The cortisol dose and the duration of cortisol infusion (10 days) were determined based on a previous study in this laboratory (Jensen et al. 2005) showing that infusion at this rate and duration produces levels similar to mild maternal stressors and results in enlargement of the fetal heart.
Surgical procedures
Halothane (1.5–2.5%) in oxygen was used to anesthetize ewes during surgery. Fetal femoral tibial artery catheters and an amniotic fluid catheter were placed as described previously (Wood & Rudolph 1983, Jensen et al. 2002a). Catheters were also placed in the fetal pericardial space for the delivery of the drug as described previously (Wood 2002). In each case, an incision was made in the uterus over the left side of the fetal chest and an incision was made between the third and fourth fetal ribs. The fetal skin was marsupialized to the uterus to prevent leakage of amniotic fluid. The fetal heart was exposed and a small incision was made in the pericardium, through which a silastic catheter (0.76 mm i.d., 1.65 mm o.d.; Dow Corning, Midland, MI, USA) was placed and held in place with the use of a purse-string suture (4-0 Tevdek; Teleflex Medical, Mansfield, MA, USA). For infusion of potassium canrenoate, the silastic catheter was connected to a Tygon tubing connector (1.27 mm o.d.; St Gobain Performance plastics; Akron, OH, USA) which was connected at its other end to the Alzet pump containing the drug (50 mg/ml in 0.9% saline). Because mifepristone is not soluble in aqueous solution and therefore cannot be directly loaded into the pump reservoir, mifepristone was dissolved in 47.5% ethanol in saline (0.42 mg/ml ethanol–saline); this solution was placed in a polyethylene tubing (1.40 mm i.d., 1.90 mm o.d.) which was then connected to the silastic pericardial catheter on one end and to the Alzet minipump on the other end using smaller gauge polyethylene tubing. The Alzet pump, filled with saline, provided the flow to pump the mifepristone solution from the tubing into the pericardium. The pump was placed under the skin of the fetus near the scapula. In the control group, five of six fetuses also had pericardial catheters placed, but no infusion was delivered; in the cortisol group, three of five fetuses had pericardial catheters placed, but no infusion was delivered.

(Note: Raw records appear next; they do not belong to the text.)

Lemma rank_Wle_Wgt : (\rank Wle + \rank Wgt)%N = n.+1.
Proof.
have cap0 : (Wle :&: Wgt)%MS = 0 by apply: mxdirect_kermxpoly coprimep_le_gt.
by rewrite -mxrank_sum_cap cap0 mxrank0 addn0 rank_Wle_Wgt_sum.
Qed.

Lemma rank_Wle : \rank Wle = size lam_le.
Proof.
set A1 := restrictmx Wle G; set A2 := restrictmx Wgt G.
have GA1 : row_base Wle *m G = A1 *m row_base Wle.
  by rewrite mulmxKpV // stablemx_row_base stable_kermxpoly.
have GA2 : row_base Wgt *m G = A2 *m row_base Wgt.
  by rewrite mulmxKpV // stablemx_row_base stable_kermxpoly.
have charA : char_poly A1 * char_poly A2 = poly_of_roots lam_le * poly_of_roots lam_gt.
  rewrite -poly_of_roots_split -charG; symmetry.
  apply: char_poly_stable_split GA1 GA2; first exact: rank_Wle_Wgt.
  by rewrite -addsmxE (adds_eqmx (eq_row_base _) (eq_row_base _)) rank_Wle_Wgt_sum.
have A1_dvd : char_poly A1 %| poly_of_roots lam_le.
  have cp : coprimep (char_poly A1) (poly_of_roots lam_gt).
    apply: coprimep_poly_of_roots => r; rewrite mem_filter => /andP[rc _].
    by apply: contra rc => /restrict_Wle_root.
  by rewrite -(Gauss_dvdpl _ cp) -charA dvdp_mulIl.
have A2_dvd : char_poly A2 %| poly_of_roots lam_gt.
  have cp : coprimep (char_poly A2) (poly_of_roots lam_le).
    apply: coprimep_poly_of_roots => r; rewrite mem_filter => /andP[rc _].
    by apply/negP => /restrict_Wgt_root; rewrite ltNge rc.
  by rewrite -(Gauss_dvdpr _ cp) -charA dvdp_mulIr.
have := dvdp_leq (monic_neq0 (monic_prod_XsubC _ _ _)) A1_dvd.
have := dvdp_leq (monic_neq0 (monic_prod_XsubC _ _ _)) A2_dvd.
rewrite !size_char_poly !size_prod_XsubC !ltnS.
have : (size lam_le + size lam_gt)%N = n.+1.
  have := size_char_poly G; rewrite charG size_prod_XsubC => -[<-].
  by rewrite !size_filter -(count_predC (fun r => r <= c)).
have := rank_Wle_Wgt.
by move: (\rank Wle) (\rank Wgt) (size lam_le) (size lam_gt) => a b u v; lia.
Qed.

End Threshold.

Lemma rayleigh_le_subspace (c : R) : exists2 W : 'M_n.+1,
  (count (fun r => r <= c)%R lam <= \rank W)%N &
  forall x, (x <= W)%MS -> '[x *m G, x] <= c * '[x, x].
Proof.
exists (kermxpoly G (poly_of_roots [seq r <- lam | r <= c])).
  by rewrite rank_Wle size_filter.
exact: rayleigh_Wle.
Qed.
Definition cs_cvg (A : cstar_algebra R) (u : nat -> A) (l : A) : Prop :=
  forall e : R, 0 < e -> exists N, forall n, (N <= n)%N -> cs_norm (u n - l) < e.

Definition is_cstar_subalg (A : cstar_algebra R) (S : A -> Prop) : Prop :=
  [/\ S 1,
      forall x y, S x -> S y -> S (x + y),
      forall (c : R[i]) x, S x -> S (c *: x),
      forall x y, S x -> S y -> S (x * y)
    & (forall x, S x -> S (cs_star x)) /\
      (forall u l, (forall n, S (u n)) -> cs_cvg u l -> S l)].

Definition cstar_gen (A : cstar_algebra R) (X : A -> Prop) : A -> Prop :=
  fun x => forall S, is_cstar_subalg S -> (forall y, X y -> S y) -> S x.

Definition star_morph (A B : cstar_algebra R) (f : A -> B) : Prop :=
  [/\ forall x y, f (x + y) = f x + f y,
      forall (c : R[i]) x, f (c *: x) = c *: f x,
      forall x y, f (x * y) = f x * f y,
      forall x, f (cs_star x) = cs_star (f x)
    & f 1 = 1].

Definition star_iso_on (A B : cstar_algebra R) (S : A -> Prop) (T : B -> Prop)
    (f : A -> B) : Prop :=
  [/\ forall x y, S x -> S y -> f (x + y) = f x + f y,
      forall (c : R[i]) x, S x -> f (c *: x) = c *: f x,
      forall x y, S x -> S y -> f (x * y) = f x * f y,
      forall x, S x -> f (cs_star x) = cs_star (f x)
    & [/\ forall x, S x -> T (f x),
      forall x y, S x -> S y -> f x = f y -> x = y
    & forall z, T z -> exists2 x, S x & f x = z]].
(* Let $s\ge 3$ and let $\kappa_s$ be the partition with $\beta(\kappa_s)=T_s$. Then $\kappa_s$ is an $(s,s+1,s+2)$-core partition of maximum size. If $s$ is even, $\kappa_s$ is the unique $(s,s+1,s+2)$-core partition of maximum size, and it is self-conjugate. If $s$ is odd, then $\kappa_s\ne\kappa_s'$ and $\kappa_s,\kappa_s'$ are exactly the two $(s,s+1,s+2)$-core partitions of maximum size, where $\kappa_s'$ denotes the conjugate partition.
   Context: An $(s,s+1,s+2)$-core is a partition with no hook length divisible by $s$, $s+1$ or $s+2$. The $\beta$-set $\beta(\lambda)$ is the set of hook lengths of the first-column boxes of $\lambda$; a partition is determined by its $\beta$-set. $T_s$ is the set of positive integers not expressible as $k_1s+k_2(s+1)+k_3(s+2)$ with $k_1,k_2,k_3$ nonnegative integers. *)

(* Integer partitions as weakly decreasing sequences of
   positive naturals (parts listed largest first). *)
From mathcomp Require Import all_boot.
Set Implicit Arguments. Unset Strict Implicit. Unset Printing Implicit Defensive.

Definition is_partition (la : seq nat) : bool :=
  sorted geq la && all (fun x => 0 < x) la.

Definition psize (la : seq nat) : nat := sumn la.

(* lambda'_j : length of column j (0-indexed) *)
Definition col_len (la : seq nat) (j : nat) : nat := count (fun x => j < x) la.

Definition conj_part (la : seq nat) : seq nat :=
  mkseq (col_len la) (head 0 la).
Lemma gamma_eq_weight k u v :
  gamma_eq u v -> wsum u = wsum v /\ weight k u =1 weight k v.
Proof.
elim=> {u v} [w | u v _ [-> uv] | u v w _ [-> uv] _ [-> vw]
             | u u' v v' _ [su wu] _ [sv wv] | i c d | i | u v _ u0 v0] //.
- by split=> // e; rewrite uv.
- by split=> // e; rewrite uv vw.
- by rewrite !wsum_cat su sv; split=> // e; rewrite !weight_cat wu wv sv.
- rewrite !wsum_cons wsum_nil !addr0; split=> // e /=.
  by rewrite !wsum_cons !wsum_nil !addr0 !subr0 !mulr1 thetaD.
- by rewrite wsum_cons wsum_nil addr0; split=> // e /=; rewrite wsum_nil theta0 mulr1.
- have {}u0 : wsum u = 0 by []; have {}v0 : wsum v = 0 by [].
  rewrite !wsum_cat u0 v0.
  by split=> // e; rewrite !weight_cat u0 v0 subr0 mulrC.
Qed.
End Weights.

Definition dirac (T : eqType) (x y : T) : int := (y == x)%:R.

Section BasicExponents.
Variables (X Y : finZmodType).

(* For dephased Q, the exponents of the weight of a_g at column e under pi^k. *)
Definition basic_exponent (k : X) (e : Y) (g : X * Y) : X * Y -> int := fun y =>
  dirac (- k, e) y - dirac (- k, e + g.2) y + dirac (g.1, e) y - dirac (g.1, e + g.2) y
  + dirac (g.1 - k, e + g.2) y - dirac (g.1 - k, e) y.

Lemma basic_exponent_diff k i j e c f : f != 0 ->
  basic_exponent k e (i, c) (j, f) - basic_exponent k 0 (i, c) (j, f) =
  ((j == - k)%:R + (j == i)%:R - (j == i - k)%:R) *
  ((f == e)%:R - (f == e + c)%:R + (f == c)%:R).
Proof.
move=> f0; rewrite /basic_exponent /dirac !xpair_eqE /= !add0r (negbTE f0).
by case: (j == - k); case: (f == e); case: (f == e + c); case: (j == i);
  case: (j == i - k); case: (f == c).
Qed.
End BasicExponents.


Section LaurentMonomials.
Variables (C : fieldType) (X Y : finType) (Q : X -> Y -> C).
Hypothesis Q_neq0 : forall i c, Q i c != 0.

Definition Qmon (z : X * Y -> int) : C := \prod_x Q x.1 x.2 ^ z x.

Lemma Qmon_neq0 z : Qmon z != 0.
Proof. by apply/prodf_neq0 => x _; rewrite expfz_neq0. Qed.

Lemma Qmon_dirac x : Qmon (dirac x) = Q x.1 x.2.
Proof.
rewrite /Qmon (bigD1 x) //= /dirac eqxx expr1z big1 ?mulr1 // => y /negbTE ->.
exact: expr0z.
Qed.

Lemma QmonD z1 z2 : Qmon (fun x => z1 x + z2 x) = Qmon z1 * Qmon z2.
Proof. by rewrite /Qmon -big_split; apply: eq_bigr => x _; rewrite expfzDr. Qed.

Lemma QmonN z : Qmon (fun x => - z x) = (Qmon z)^-1.
Proof. by rewrite /Qmon -prodfV; apply: eq_bigr => x _; rewrite invr_expz. Qed.

Lemma QmonXz z n : Qmon z ^ n = Qmon (fun x => n * z x).
Proof.
apply: (big_rec2 (fun y a => y ^ n = a)) => [|x y a _ <-]; first exact: exp1rz.
by rewrite expfzMl exprz_exp [z x * n]mulrC.
Qed.

Lemma Qmon_sum (I : finType) (z : I -> X * Y -> int) :
  \prod_i Qmon (z i) = Qmon (fun x => \sum_i z i x).
Proof. by rewrite exchange_big; apply: eq_bigr => x _; rewrite expfz_sum. Qed.
End LaurentMonomials.

Lemma Qmon_eq1 (C : fieldType) (X Y : finZmodType) (Q : X -> Y -> C) z :
  generic Q -> Qmon Q z = 1 -> forall x, x.1 != 0 -> x.2 != 0 -> z x = 0.
Proof.
case=> [[Q0c Qi0] Qri] Qz x x1 x2; apply: Qri; last by rewrite x1 x2.
rewrite -[RHS]Qz [RHS](bigID (fun x : X * Y => (x.1 != 0) && (x.2 != 0))) /=.
rewrite [X in _ = _ * X]big1 ?mulr1 // => -[i c] /nandP [] /negPn /eqP ->.
  by rewrite Q0c exp1rz.
by rewrite Qi0 exp1rz.
Qed.

Section BasicWordWeights.
Variables (C : fieldType) (X Y : finZmodType) (Q : X -> Y -> C).
Hypotheses (Q_neq0 : forall i c, Q i c != 0) (Q_dephased : dephased Q).

Lemma weight_basic_word k e g :
  weight Q k (basic_word (true, g)) e = Qmon Q (basic_exponent k e g).
Proof.
case: g => i c; rewrite /basic_exponent !QmonD // !QmonN // !Qmon_dirac /=.
rewrite !wsum_cons !wsum_nil !addr0 subr0 mulr1 /theta.
case: Q_dephased => Q0c _; rewrite !Q0c sub0r opprK addrK !mul1r.
by field; rewrite !Q_neq0.
Qed.

Lemma weight_basic_wordV k e g :
  weight Q k (basic_word (false, g)) e = (weight Q k (basic_word (true, g)) e)^-1.
Proof.
have [_ /(_ e)] := gamma_eq_weight Q_neq0 k (basic_wordV false g).
rewrite weight_cat wsum_basic_word subr0 /= => /(canRL (mulfK (weight_neq0 Q_neq0 _ _ _))).
by rewrite mul1r.
Qed.

Lemma weight_basic_words k e L : weight Q k (basic_words L) e =
  Qmon Q (fun x => \sum_g net_exponent L g * basic_exponent k e g x).
Proof.
rewrite -Qmon_sum //; under eq_bigr do rewrite -QmonXz //.
elim: L => [|[b g] L IHL].
  by rewrite big1 // => g _; rewrite /net_exponent big_nil expr0z.
rewrite basic_words_cons weight_cat wsum_basic_words subr0 IHL.
under [RHS]eq_bigr do rewrite net_exponent_cons expfzDr ?Qmon_neq0 //.
rewrite big_split /=; congr (_ * _).
rewrite (bigD1 g) //= eqxx mul1r big1 ?mulr1; last first.
  by move=> h /negbTE; rewrite eq_sym => ->; rewrite mul0r expr0z.
by case: b; rewrite /sign ?expr1z ?exprN1 ?weight_basic_wordV weight_basic_word.
Qed.
End BasicWordWeights.





Section ExponentEquations.
Variables (X Y : finZmodType) (r : X * Y -> int).

Definition defect (j : X) (e f : Y) : int :=
  \sum_c ((f == e)%:R - (f == e + c)%:R + (f == c)%:R) * r (j, c).

Lemma defectE j e f :
  defect j e f = (f == e)%:R * \sum_c r (j, c) - r (j, f - e) + r (j, f).
Proof.
rewrite /defect; under eq_bigr do rewrite mulrDl mulrBl.
have r_pick c0 : r (j, c0) = \sum_c (c == c0)%:R * r (j, c) by rewrite sum_delta_mull.
rewrite big_split sumrB /= -big_distrr [r (j, f - e)]r_pick [r (j, f)]r_pick.
congr (_ - _ + _); apply: eq_bigr => c _; congr (_%:R * _).
  by rewrite eq_sym addrC (can2_eq (addrK e) (subrK e)).
by rewrite eq_sym.
Qed.

Lemma sum_basic_exponent_diff k e j f : f != 0 ->
  \sum_g r g * (basic_exponent k e g (j, f) - basic_exponent k 0 g (j, f)) =
  (j == - k)%:R * \sum_i defect i e f + defect j e f - defect (j + k) e f.
Proof.
move=> f0; transitivity (\sum_i \sum_c
    r (i, c) * (basic_exponent k e (i, c) (j, f) - basic_exponent k 0 (i, c) (j, f))).
  by rewrite pair_big; apply: eq_bigr => -[i c].
under eq_bigr do under eq_bigr do rewrite basic_exponent_diff // mulrC -mulrA.
under eq_bigr do rewrite -big_distrr /= mulrBl mulrDl.
rewrite sumrB big_split -big_distrr /=; congr (_ + _ - _).
  by under eq_bigr do rewrite eq_sym; exact: (sum_delta_mull j (fun i => defect i e f)).
under eq_bigr do rewrite eq_sym subr_eq.
exact: (sum_delta_mull (j + k) (fun i => defect i e f)).
Qed.

Hypothesis r_eq : forall k e j f, j != 0 -> f != 0 ->
  \sum_g r g * (basic_exponent k e g (j, f) - basic_exponent k 0 g (j, f)) = 0.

After closure of the uterus, catheters were placed in the maternal femoral artery and vein and routed to the maternal flank. All ewes were treated with flunixamine (1 mg/kg i.m.; Fort Dodge Animal Health, Fort Dodge, IA, USA) at the end of the surgical procedure, before recovery from anesthesia.
Ewes were returned to their pen after recovery from anesthesia. At this time, the i.v. infusion of cortisol (1 mg/kg per day cortisol as cortisol hemisuccinate in normal saline; Sigma) or infusion of saline to the ewe was initiated. Maternal infusions were delivered through a 0.22 µm filter (Millipore Corp. Medford, MA, USA) via a syringe pump at the rate of 1.17 ml/h. Animals were housed in individual pens with access to water, food, and salt blocks ad libitum. Ampicillin (500 mg i.m. bid; Webster Veterinary) was administered for 3 days postoperatively. Flunixamine was administered on the morning after surgery.
Experimental protocol
Fetuses were studied from the day of surgery until death on 129–132 days of gestation. All cortisol-infused ewes and their fetuses were killed on day 10 of infusion. Fetal and maternal blood samples were withdrawn on day 5 (124–126 days of gestation) and day 10 (129–132 days of gestation) after the start of the infusion for determination of blood gases, plasma cortisol, and plasma adrenocorticotropin (ACTH) concentrations. All blood samples were taken immediately after entering the room in which the ewes were housed in order to minimize the effect of handling on plasma ACTH and cortisol. On day 10 of infusion, maternal and fetal blood pressure and heart rate were recorded over a 40-min interval using LabView software (National Instruments, Austin, TX, USA) and disposable pressure transducers (Transpac; Hospira, Lake Forest, IL, USA) Amniotic fluid pressures were subtracted from fetal intra-arterial pressures in order to calculate fetal arterial pressure. In two animals, one in the cortisol group and one in the cortisol+MRa group, we were unable to reliably measure fetal heart rate; data from those two fetuses are excluded from analysis.
The ewe was euthanized on day 10 using an overdose of euthanasia solution containing pentobarbital, and the fetus was removed and weighed. The fetal heart was also immediately dissected, blotted to remove blood from the chambers, and weighed. Ventricular and septal wall thicknesses were measured using a micrometer at a standardized site on the heart, taking care to exclude measurement at the level of the papillary muscles or valves.
Analysis
Blood gases and pH were measured with a blood gas/electrolyte analyzer (ABL77; Radiometer America, Westlake, OH, USA). Electrolytes (sodium and potassium) were measured using an electrolyte analyzer (Roche 9180). For measurement of packed cell volume (PCV), blood was spun in microcapillary tubes for 3 min at 5 000 g. (Damon Division, International Equipment, Needham Heights, MA, USA). Plasma protein was determined using a refractometer.
Plasma ACTH was measured by RIA, using an antibody to ACTH (1–39) (Bell et al. 1991), and plasma cortisol concentration was measured using a commercially available enzyme immunoassay kit (EA 65, Oxford Biomedical, Oxford, MI, USA) that has minimal cross-reactivity with cortisone (2.08%).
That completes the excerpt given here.